# Work required
Print the whole listing exactly.

# Source data
(* Moving along the first k coordinates one at a time is a telescoping sum
   of increments along single basis vectors. *)
Lemma rtrunc_increment_cvg h p v :
  (forall i y, derivable h y (ebasis R i)) -> (forall i, continuous (partial h i)) ->
  forall k, (k <= n)%N ->
  (fun t => t^-1 * (h (p + t *: rtrunc k v) - h p)) @ 0^' -->
    \sum_(i < n | (i < k)%N) v ord0 i * partial h i p.
Proof.
move=> Dh Ch; elim=> [_|k IH kn].
  rewrite big_pred0 // (_ : rtrunc 0 v = 0); last by apply/rowP => j; rewrite !mxE.
  by under eq_fun do rewrite scaler0 addr0 subrr mulr0; exact: cvg_cst.
rewrite (bigD1 (Ordinal kn)) //=.
rewrite (eq_bigl (fun i : 'I_n => (i < k)%N)); last first.
  by move=> i; rewrite ltnS leq_eqVlt -val_eqE /=; case: ltngtP.
have -> : (fun t => t^-1 * (h (p + t *: rtrunc k.+1 v) - h p)) =
  (fun t => t^-1 * (h (p + t *: rtrunc k v + (t * v ord0 (Ordinal kn)) *: ebasis R (Ordinal kn))
                    - h (p + t *: rtrunc k v)))
  + (fun t => t^-1 * (h (p + t *: rtrunc k v) - h p)).
  apply/funext => t /=; rewrite rtruncS scalerDr scalerA addrA -mulrDr.
  by rewrite addrA subrK.
apply: cvgD; first exact: partial_increment_cvg (Dh _) (Ch _ _).
exact: IH (ltnW kn).
Qed.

# Exercise answer
(* Moving along the first k coordinates one at a time is a telescoping sum
   of increments along single basis vectors. *)
Lemma rtrunc_increment_cvg h p v :
  (forall i y, derivable h y (ebasis R i)) -> (forall i, continuous (partial h i)) ->
  forall k, (k <= n)%N ->
  (fun t => t^-1 * (h (p + t *: rtrunc k v) - h p)) @ 0^' -->
    \sum_(i < n | (i < k)%N) v ord0 i * partial h i p.
Proof.
move=> Dh Ch; elim=> [_|k IH kn].
  rewrite big_pred0 // (_ : rtrunc 0 v = 0); last by apply/rowP => j; rewrite !mxE.
  by under eq_fun do rewrite scaler0 addr0 subrr mulr0; exact: cvg_cst.
rewrite (bigD1 (Ordinal kn)) //=.
rewrite (eq_bigl (fun i : 'I_n => (i < k)%N)); last first.
  by move=> i; rewrite ltnS leq_eqVlt -val_eqE /=; case: ltngtP.
have -> : (fun t => t^-1 * (h (p + t *: rtrunc k.+1 v) - h p)) =
  (fun t => t^-1 * (h (p + t *: rtrunc k v + (t * v ord0 (Ordinal kn)) *: ebasis R (Ordinal kn))
                    - h (p + t *: rtrunc k v)))
  + (fun t => t^-1 * (h (p + t *: rtrunc k v) - h p)).
  apply/funext => t /=; rewrite rtruncS scalerDr scalerA addrA -mulrDr.
  by rewrite addrA subrK.
apply: cvgD; first exact: partial_increment_cvg (Dh _) (Ch _ _).
exact: IH (ltnW kn).
Qed.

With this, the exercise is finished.